Copy out every record below with complete accuracy.

(Source records)
==*==

Lemma indep_seq_consVspan s y :
  indep_seq s -> indep_seq (y :: s) \/ in_frac_span s y.
Proof.
move=> indep_s; have [|dep] := classic (indep_seq (y :: s)); [by left | right].
have [c [c_rel [i0 ci0_neq0]]] : exists c : 'I_(size s).+1 -> R,
    \sum_i c i *: (y :: s)`_i = 0 /\ exists i, c i != 0.
  apply: NNPP => no_rel; apply: dep => c c_rel i; apply: NNPP => ci_neq0.
  by apply: no_rel; exists c; split => //; exists i; apply/eqP.
move: c_rel; rewrite big_ord_recl /=.
under eq_bigr do rewrite add0n.
have [c0_eq0|c0_neq0] := eqVneq (c ord0) 0.
  rewrite c0_eq0 scale0r add0r => /indep_s c_lift_eq0.
  move: ci0_neq0; case: (unliftP ord0 i0) => [j ->|->].
    by rewrite c_lift_eq0 eqxx.
  by rewrite c0_eq0 eqxx.
move=> /eqP; rewrite addr_eq0 => /eqP yc.
exists (c ord0); split => //; exists (fun i => - c (lift ord0 i)).
by rewrite yc -sumrN; apply: eq_bigr => i _; rewrite scaleNr.
Qed.

Lemma indep_seq_spanning (gs : seq X) :
  exists s, indep_seq s /\ {in gs, forall y, in_frac_span s y}.
Proof.
elim: gs => [|y gs [s [indep_s span_gs]]].
  by exists [::]; split => // c _ [].
have [indep_ys|span_y] := indep_seq_consVspan y indep_s.
  exists (y :: s); split => // z; rewrite inE => /predU1P[->|/span_gs].
    exact: in_frac_span_head.
  exact: in_frac_span_cons.
by exists s; split => // z; rewrite inE => /predU1P[->|/span_gs].
Qed.

Lemma fin_generated_frac_basis : fin_generated X ->
  exists s, indep_seq s /\ forall x, in_frac_span s x.
Proof.
move=> [gs gen]; have [s [indep_s span_gs]] := indep_seq_spanning gs.
exists s; split => // x; have [c ->] := gen x.
apply: (big_ind (in_frac_span s)) => [|y z|i _].
- exact: in_frac_span0.
- exact: in_frac_spanD.
- by apply/in_frac_spanZ/span_gs/mem_nth.
Qed.

End FracSpan.

Section Coordinates.
Variables (R : idomainType) (X : lmodType R) (s : seq X).
Hypotheses (s_indep : indep_seq s) (s_span : forall x, in_frac_span s x).
Local Notation K := {fraction R}.
Local Notation tf := (@tofrac R).
Local Notation r := (size s).

Definition coord_rep (x : X) (v : 'rV[K]_r) : Prop :=
  exists a (c : 'I_r -> R),
    [/\ a != 0, a *: x = \sum_i c i *: s`_i & v = \row_i (tf (c i) / tf a)].

Lemma coord_rep_uniq x v w : coord_rep x v -> coord_rep x w -> v = w.
Proof.
move=> [a [c [a_neq0 ax ->]]] [b [d [b_neq0 bx ->]]].
have /s_indep cross : \sum_i (b * c i - a * d i) *: s`_i = 0.
  transitivity (b *: (a *: x) - a *: (b *: x)); last first.
    by rewrite !scalerA mulrC subrr.
  rewrite ax bx !scaler_sumr -sumrB.
  by apply: eq_bigr => i _; rewrite scalerBl !scalerA.
apply/rowP => i; rewrite !mxE; apply/eqP.
rewrite eqr_div ?tofrac_eq0 // -!tofracM tofrac_eq -subr_eq0.
by rewrite [c i * b]mulrC [d i * a]mulrC cross.
Qed.

Definition coord (x : X) : 'rV[K]_r := epsilon (inhabits 0) (coord_rep x).

Lemma coordP x : coord_rep x (coord x).
Proof.
have [a [a_neq0 [c ax]]] := s_span x; apply: epsilon_spec.
by exists (\row_i (tf (c i) / tf a)), a, c.
Qed.

Lemma coordE x v : coord_rep x v -> coord x = v.
Proof. exact: coord_rep_uniq (coordP x). Qed.

Lemma coord_comb b x y : coord (b *: x + y) = tf b *: coord x + coord y.
Proof.
apply: coordE; have [a [c [a_neq0 ax ->]]] := coordP x.
have [a' [c' [a'_neq0 a'y ->]]] := coordP y.
exists (a * a'), (fun i => b * c i * a' + c' i * a); split.
- by rewrite mulf_neq0.
- have -> : (a * a') *: (b *: x + y) = (b * a') *: (a *: x) + a *: (a' *: y).
    by rewrite scalerDr !scalerA; congr (_ *: _ + _ *: _); ring.
  rewrite ax a'y !scaler_sumr -big_split; apply: eq_bigr => i _.
  by rewrite scalerDl !scalerA; congr (_ *: _ + _ *: _); ring.
- apply/rowP => i; rewrite !mxE mulrA addf_div ?tofrac_eq0 //.
  by rewrite tofracD !tofracM.
Qed.

Lemma coord0 : coord 0 = 0.
Proof.
have := coord_comb 1 0 0; rewrite scaler0 addr0 rmorph1 scale1r => c0.
by apply: (@addrI _ (coord 0)); rewrite addr0 -c0.
Qed.

Lemma coordZ b x : coord (b *: x) = tf b *: coord x.
Proof. by have := coord_comb b x 0; rewrite !addr0 coord0 addr0. Qed.

Lemma coordD x y : coord (x + y) = coord x + coord y.
Proof. by have := coord_comb 1 x y; rewrite tofrac1 !scale1r. Qed.

Lemma coord_sum (I : finType) (c : I -> R) (v : I -> X) :
  coord (\sum_i c i *: v i) = \sum_i tf (c i) *: coord (v i).
Proof.
apply: (big_ind2 (fun x y => coord x = y)) => [|x1 y1 x2 y2 <- <-|i _].
- exact: coord0.
- exact: coordD.
- exact: coordZ.
Qed.

Lemma coord_nth (j : 'I_r) : coord s`_j = delta_mx 0 j.
Proof.
apply: coordE; exists 1, (fun i => (i == j)%:R); split.
- exact: oner_neq0.
- rewrite scale1r (bigD1 j) //= eqxx scale1r big1 ?addr0 // => i /negPf ->.
  by rewrite scale0r.
- by apply/rowP => i; rewrite !mxE rmorph1 divr1 rmorph_nat eqxx.
Qed.

Definition coord_mx (f : X -> X) : 'M[K]_r := \matrix_j coord (f s`_j).

Lemma eq_coord_mx f g : f =1 g -> coord_mx f = coord_mx g.
Proof. by move=> fg; apply/matrixP => j l; rewrite !mxE fg. Qed.

Lemma coord_apply f x : Rlinear f -> coord (f x) = coord x *m coord_mx f.
Proof.
move=> lin_f; have [a [c [a_neq0 ax ->]]] := coordP x.
have ta_neq0 : tf a != 0 by rewrite tofrac_eq0.
have := congr1 coord (congr1 f ax).
rewrite RlinearZ // Rlinear_sum // coordZ coord_sum => /(congr1 ( *:%R (tf a)^-1)).
rewrite scalerA mulVf // scale1r => ->; rewrite mulmx_sum_row scaler_sumr.
by apply: eq_bigr => i _; rewrite rowK mxE scalerA mulrC.
Qed.

Lemma coord_mx_comb b f g :
  coord_mx (fun x => b *: f x + g x) = tf b *: coord_mx f + coord_mx g.
Proof. by apply/matrixP => j l; rewrite !mxE coord_comb !mxE. Qed.

Lemma coord_mx_scale b : coord_mx (fun x => b *: x) = (tf b)%:M.
Proof.
by apply/matrixP => j l; rewrite !mxE coordZ coord_nth !mxE eqxx eq_sym mulr_natr.
Qed.

Lemma coord_mx_id : coord_mx (fun x => x) = 1%:M.
Proof. by apply/matrixP => j l; rewrite !mxE coord_nth !mxE eqxx eq_sym. Qed.

Variables (m : nat) (g : 'I_m -> X).
Hypothesis g_gen : forall x, exists c : 'I_m -> R, x = \sum_k c k *: g k.

Definition gen_coords : 'M[K]_(m, r) := \matrix_k coord (g k).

==*==

◆ **Exercise result**:
Lemma indep_seq_consVspan s y :
  indep_seq s -> indep_seq (y :: s) \/ in_frac_span s y.
Proof.
move=> indep_s; have [|dep] := classic (indep_seq (y :: s)); [by left | right].
have [c [c_rel [i0 ci0_neq0]]] : exists c : 'I_(size s).+1 -> R,
    \sum_i c i *: (y :: s)`_i = 0 /\ exists i, c i != 0.
  apply: NNPP => no_rel; apply: dep => c c_rel i; apply: NNPP => ci_neq0.
  by apply: no_rel; exists c; split => //; exists i; apply/eqP.
move: c_rel; rewrite big_ord_recl /=.
under eq_bigr do rewrite add0n.
have [c0_eq0|c0_neq0] := eqVneq (c ord0) 0.
  rewrite c0_eq0 scale0r add0r => /indep_s c_lift_eq0.
  move: ci0_neq0; case: (unliftP ord0 i0) => [j ->|->].
    by rewrite c_lift_eq0 eqxx.
  by rewrite c0_eq0 eqxx.
move=> /eqP; rewrite addr_eq0 => /eqP yc.
exists (c ord0); split => //; exists (fun i => - c (lift ord0 i)).
by rewrite yc -sumrN; apply: eq_bigr => i _; rewrite scaleNr.
Qed.

Lemma indep_seq_spanning (gs : seq X) :
  exists s, indep_seq s /\ {in gs, forall y, in_frac_span s y}.
Proof.
elim: gs => [|y gs [s [indep_s span_gs]]].
  by exists [::]; split => // c _ [].
have [indep_ys|span_y] := indep_seq_consVspan y indep_s.
  exists (y :: s); split => // z; rewrite inE => /predU1P[->|/span_gs].
    exact: in_frac_span_head.
  exact: in_frac_span_cons.
by exists s; split => // z; rewrite inE => /predU1P[->|/span_gs].
Qed.

Lemma fin_generated_frac_basis : fin_generated X ->
  exists s, indep_seq s /\ forall x, in_frac_span s x.
Proof.
move=> [gs gen]; have [s [indep_s span_gs]] := indep_seq_spanning gs.
exists s; split => // x; have [c ->] := gen x.
apply: (big_ind (in_frac_span s)) => [|y z|i _].
- exact: in_frac_span0.
- exact: in_frac_spanD.
- by apply/in_frac_spanZ/span_gs/mem_nth.
Qed.

End FracSpan.

Section Coordinates.
Variables (R : idomainType) (X : lmodType R) (s : seq X).
Hypotheses (s_indep : indep_seq s) (s_span : forall x, in_frac_span s x).
Local Notation K := {fraction R}.
Local Notation tf := (@tofrac R).
Local Notation r := (size s).

Definition coord_rep (x : X) (v : 'rV[K]_r) : Prop :=
  exists a (c : 'I_r -> R),
    [/\ a != 0, a *: x = \sum_i c i *: s`_i & v = \row_i (tf (c i) / tf a)].

Lemma coord_rep_uniq x v w : coord_rep x v -> coord_rep x w -> v = w.
Proof.
move=> [a [c [a_neq0 ax ->]]] [b [d [b_neq0 bx ->]]].
have /s_indep cross : \sum_i (b * c i - a * d i) *: s`_i = 0.
  transitivity (b *: (a *: x) - a *: (b *: x)); last first.
    by rewrite !scalerA mulrC subrr.
  rewrite ax bx !scaler_sumr -sumrB.
  by apply: eq_bigr => i _; rewrite scalerBl !scalerA.
apply/rowP => i; rewrite !mxE; apply/eqP.
rewrite eqr_div ?tofrac_eq0 // -!tofracM tofrac_eq -subr_eq0.
by rewrite [c i * b]mulrC [d i * a]mulrC cross.
Qed.

Definition coord (x : X) : 'rV[K]_r := epsilon (inhabits 0) (coord_rep x).

Lemma coordP x : coord_rep x (coord x).
Proof.
have [a [a_neq0 [c ax]]] := s_span x; apply: epsilon_spec.
by exists (\row_i (tf (c i) / tf a)), a, c.
Qed.

Lemma coordE x v : coord_rep x v -> coord x = v.
Proof. exact: coord_rep_uniq (coordP x). Qed.

Lemma coord_comb b x y : coord (b *: x + y) = tf b *: coord x + coord y.
Proof.
apply: coordE; have [a [c [a_neq0 ax ->]]] := coordP x.
have [a' [c' [a'_neq0 a'y ->]]] := coordP y.
exists (a * a'), (fun i => b * c i * a' + c' i * a); split.
- by rewrite mulf_neq0.
- have -> : (a * a') *: (b *: x + y) = (b * a') *: (a *: x) + a *: (a' *: y).
    by rewrite scalerDr !scalerA; congr (_ *: _ + _ *: _); ring.
  rewrite ax a'y !scaler_sumr -big_split; apply: eq_bigr => i _.
  by rewrite scalerDl !scalerA; congr (_ *: _ + _ *: _); ring.
- apply/rowP => i; rewrite !mxE mulrA addf_div ?tofrac_eq0 //.
  by rewrite tofracD !tofracM.
Qed.

Lemma coord0 : coord 0 = 0.
Proof.
have := coord_comb 1 0 0; rewrite scaler0 addr0 rmorph1 scale1r => c0.
by apply: (@addrI _ (coord 0)); rewrite addr0 -c0.
Qed.

Lemma coordZ b x : coord (b *: x) = tf b *: coord x.
Proof. by have := coord_comb b x 0; rewrite !addr0 coord0 addr0. Qed.

Lemma coordD x y : coord (x + y) = coord x + coord y.
Proof. by have := coord_comb 1 x y; rewrite tofrac1 !scale1r. Qed.

Lemma coord_sum (I : finType) (c : I -> R) (v : I -> X) :
  coord (\sum_i c i *: v i) = \sum_i tf (c i) *: coord (v i).
Proof.
apply: (big_ind2 (fun x y => coord x = y)) => [|x1 y1 x2 y2 <- <-|i _].
- exact: coord0.
- exact: coordD.
- exact: coordZ.
Qed.

Lemma coord_nth (j : 'I_r) : coord s`_j = delta_mx 0 j.
Proof.
apply: coordE; exists 1, (fun i => (i == j)%:R); split.
- exact: oner_neq0.
- rewrite scale1r (bigD1 j) //= eqxx scale1r big1 ?addr0 // => i /negPf ->.
  by rewrite scale0r.
- by apply/rowP => i; rewrite !mxE rmorph1 divr1 rmorph_nat eqxx.
Qed.

Definition coord_mx (f : X -> X) : 'M[K]_r := \matrix_j coord (f s`_j).

Lemma eq_coord_mx f g : f =1 g -> coord_mx f = coord_mx g.
Proof. by move=> fg; apply/matrixP => j l; rewrite !mxE fg. Qed.

Lemma coord_apply f x : Rlinear f -> coord (f x) = coord x *m coord_mx f.
Proof.
move=> lin_f; have [a [c [a_neq0 ax ->]]] := coordP x.
have ta_neq0 : tf a != 0 by rewrite tofrac_eq0.
have := congr1 coord (congr1 f ax).
rewrite RlinearZ // Rlinear_sum // coordZ coord_sum => /(congr1 ( *:%R (tf a)^-1)).
rewrite scalerA mulVf // scale1r => ->; rewrite mulmx_sum_row scaler_sumr.
by apply: eq_bigr => i _; rewrite rowK mxE scalerA mulrC.
Qed.

Lemma coord_mx_comb b f g :
  coord_mx (fun x => b *: f x + g x) = tf b *: coord_mx f + coord_mx g.
Proof. by apply/matrixP => j l; rewrite !mxE coord_comb !mxE. Qed.

Lemma coord_mx_scale b : coord_mx (fun x => b *: x) = (tf b)%:M.
Proof.
by apply/matrixP => j l; rewrite !mxE coordZ coord_nth !mxE eqxx eq_sym mulr_natr.
Qed.

Lemma coord_mx_id : coord_mx (fun x => x) = 1%:M.
Proof. by apply/matrixP => j l; rewrite !mxE coord_nth !mxE eqxx eq_sym. Qed.

Variables (m : nat) (g : 'I_m -> X).
Hypothesis g_gen : forall x, exists c : 'I_m -> R, x = \sum_k c k *: g k.

Definition gen_coords : 'M[K]_(m, r) := \matrix_k coord (g k).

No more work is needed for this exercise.